De naam nitrogenium stamt van Chatal, wegens het voorkomen in salpeterzuur. De s. is een van de meest verspreide elementen. In gasvormigen toestand komt het in de lucht voor, waarvan het, na verwijdering van het wisselvallig watergehalte, 78,06 volume % uitmaakt. Het water, dat met lucht in aanraking is, bevat naar verhouding minder stikstof. De akkeraarde, de zwemblazen van een aantal visschen, beenholten van vogels en holten in planten zijn rijker aan s., evenals een aantal vulkanische gassen; in de hemelruimte komt het in vrijen toestand voor, zooals blijkt uit zijn aanwezigheid in meteorieten.

Het is op de zon en in een aantal nevelvlekken aangetoond. In den vorm van chemische verbinding vindt men stikstof als nitraten, nitrieten en ammonia uiterst verspreid in de natuur, zij het ook bijna nergens in grooter hoeveelheid bijeen. In de atmosfeer worden nitreuze dampen in afwisselende hoeveelheid aangetroffen, op groote hoogte meestal meer, dan dicht bij de aardoppervlakte tot een gemiddelde hoeveelheid van een volume op drie millioen, vandaar dat het regenwater stikstofverbindingen bevat. Stikstofmineralen kent men slechts weinig. Van de levende natuur maakt zoowel van planten als van dieren de s. een essentiel bestanddeel, n.l. van de eiwitstoffen uit.

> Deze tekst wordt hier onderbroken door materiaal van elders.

(* For every nonnegative integer $n$, the number of permutations in $\mathfrak S_n$ that avoid each of the classical patterns $132$, $3214$ and $4213$ is $|\mathrm{Av}_n(132,3214,4213)|=2^n-n$.
   Context: $\mathfrak S_n$ is the set of permutations of $\{1,\dots,n\}$ (with $\mathfrak S_0$ consisting of the empty permutation). A permutation $\tau$ contains a classical pattern $\sigma\in\mathfrak S_k$ if it has a subsequence $\tau_{i_1}\cdots\tau_{i_k}$ ($i_1<\dots<i_k$) with the same relative order as $\sigma$; otherwise it avoids $\sigma$. $\mathrm{Av}_n(\dots)$ denotes the set of permutations in $\mathfrak S_n$ avoiding all listed patterns. *)

From mathcomp Require Import all_boot all_fingroup.
Set Implicit Arguments. Unset Strict Implicit. Unset Printing Implicit Defensive.

(* A classical pattern is given in one-line notation as a sequence of naturals
   (e.g. [:: 1; 3; 2] for 132); only relative order of entries matters.
   tau : 'S_n (permutation of {0,..,n-1}) contains p iff there are indices
   i_1 < ... < i_k (a strictly increasing map f : 'I_k -> 'I_n) such that
   tau(i_a) < tau(i_b) <-> p_a < p_b for all a, b. *)
Definition contains_pattern (n : nat) (tau : 'S_n) (p : seq nat) : bool :=
  [exists f : {ffun 'I_(size p) -> 'I_n},
    [forall a : 'I_(size p), forall b : 'I_(size p),
      ((a < b) ==> (f a < f b)) &&
      ((tau (f a) < tau (f b)) == (nth 0 p a < nth 0 p b))]].

Definition avoids_pattern (n : nat) (tau : 'S_n) (p : seq nat) : bool :=
  ~~ contains_pattern tau p.

Definition Av (n : nat) (ps : seq (seq nat)) : {set 'S_n} :=
  [set tau : 'S_n | all (avoids_pattern tau) ps].

From mathcomp Require Import all_boot all_fingroup zify.
Set Implicit Arguments. Unset Strict Implicit. Unset Printing Implicit Defensive.

(* A word avoiding 132 has all entries left of its maximum above all entries
   right of it, so a permutation word of {0, ..., m} avoiding 132 is
   L ++ m :: R with R a word of {0, ..., r-1} and L one of {r, ..., m-1}.  It
   then avoids 3214 and 4213 exactly when L avoids 132 and 321 and R avoids
   132 and 213.  Splitting these two classes at their maxima in the same way
   shows that there are 1 + C(k, 2) words of length k of the first kind (the
   maximum is last, or both sides are increasing runs) and 2^(r-1) of the
   second (L is an increasing run), and
   sum_(r <= m) (1 + C(m - r, 2)) 2^(r-1) = 2^(m+1) - (m+1), reading 2^(r-1)
   as 1 for r = 0. *)

Section Occurrences.
Variable T : eqType.
Lemma SigmaE : Sigma ends col =
  (ncomp (col_edges col_my))%:Z + (ncomp (col_edges col_yc))%:Z
  + (ncomp (col_edges col_mc))%:Z - 2 * (ncomp setT)%:Z.
Proof.
rewrite /Sigma sumrB !big_split /= sumr_const -!(big_morph Posz PoszD (erefl 0%:Z)).
by rewrite !sum_val card_components -[(ncomp setT)%:Z]natz mulr_natr.
Qed.

Lemma defect_setT : defect ends col setT = n%:Z - Sigma ends col.
Proof. by rewrite SigmaE /defect !setTI; lia. Qed.

End SigmaAsComponentCounts.

Section CycleIndices.
Variable k : nat.
Implicit Types (l c : 'I_k.+1).

Lemma ordSE l : ordS l = (l + Zp1)%R.
Proof. by apply: val_inj; rewrite /= modnDmr addn1. Qed.

Lemma ordSD l c : ordS (l + c)%R = (ordS l + c)%R.
Proof. by rewrite !ordSE addrAC. Qed.

Lemma lt_ord_max l : (l < k) = (l != ord_max).
Proof. by rewrite ltn_neqAle -ltnS ltn_ord andbT. Qed.

Lemma val_ordS l : l != ord_max -> ordS l = l.+1 :> nat.
Proof. by rewrite -lt_ord_max /= => lt_lk; rewrite modn_small. Qed.

Lemma ordS_max : ordS (@ord_max k) = ord0.
Proof. by apply: val_inj; rewrite /= modnn. Qed.

End CycleIndices.

Section Cycles.
Variables (n : nat) (E : finType) (ends : E -> 'I_n * 'I_n).
Variables (k : nat) (v : 'I_k.+1 -> 'I_n) (e : 'I_k.+1 -> E).
Hypothesis cycle_ve : is_cycle ends v e.
Implicit Types (G : {set E}) (l j : 'I_k.+1).

Lemma is_cycle_rot (c : 'I_k.+1) :
  is_cycle ends (fun l => v (l + c)%R) (fun l => e (l + c)%R).
Proof.
case: cycle_ve => inj_v [inj_e joins_e].
split; [by move=> l m /inj_v/addIr | split; first by move=> l m /inj_e/addIr].
by move=> l; rewrite -ordSD.
Qed.

Lemma cycle_connect G : (forall l, l != ord_max -> e l \in G) ->
  connect (span_adj ends G) (v ord0) (v ord_max).
Proof.
case: cycle_ve => _ [_ joins_e] eG.
suff conn t : t <= k -> connect (span_adj ends G) (v ord0) (v (inord t)).
  by rewrite -[ord_max]inord_val; apply: conn.
elim: t => [_ | t IHt lt_tk]; first by rewrite -[ord0]inord_val connect0.
have l_max : inord t != ord_max :> 'I_k.+1.
  by rewrite -(inj_eq val_inj) /= inordK ?ltn_eqF // ltnW.
apply: connect_trans (IHt (ltnW lt_tk)) (connect1 _).
apply/existsP; exists (e (inord t)); rewrite eG //.
congr (joins _ _ _ (v _)): (joins_e (inord t)); apply: ord_inj.
by rewrite val_ordS // !inordK // ltnW.
Qed.

Lemma cycle_not_merges G : (forall l, l != ord_max -> e l \in G) ->
  ~~ merges ends G (e ord_max).
Proof.
case: cycle_ve => _ [_ joins_e] eG.
rewrite (merges_joins _ (joins_e ord_max)) ordS_max negbK span_connect_sym.
exact: cycle_connect.
Qed.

Bereiding: uit de atmosfeer kan s. worden bereid door de overige bestanddeelen weg te nemen, waterdamp en koolzuur door een of ander drogingsmiddel en base, zuurstof gewoonlijk door gloeiend koper alkalische pyrogallol, gloeiend ijzer, calciumplumbaat, alkalimanganaat of phosphorus, ook gaat men wel uit van verbrandingsgassen. Men krijgt de s. dan steeds gemengd met de edele gassen, die in de lucht voorkomen. Ook kan men door gefractionneerde destillatie van lucht de s. bereiden, daar deze het vluchtigst is en dus bij de condensatie het laatst achter blijft, bij de verdamping in gasvorm overgaat. Door speciale toestellen kan men gas bereiden, dat bijna vrij van zuurstof is. S. is een kleur-, reuk- en smakeloos gas. Bij gewone temperatuur is het uiterst traag.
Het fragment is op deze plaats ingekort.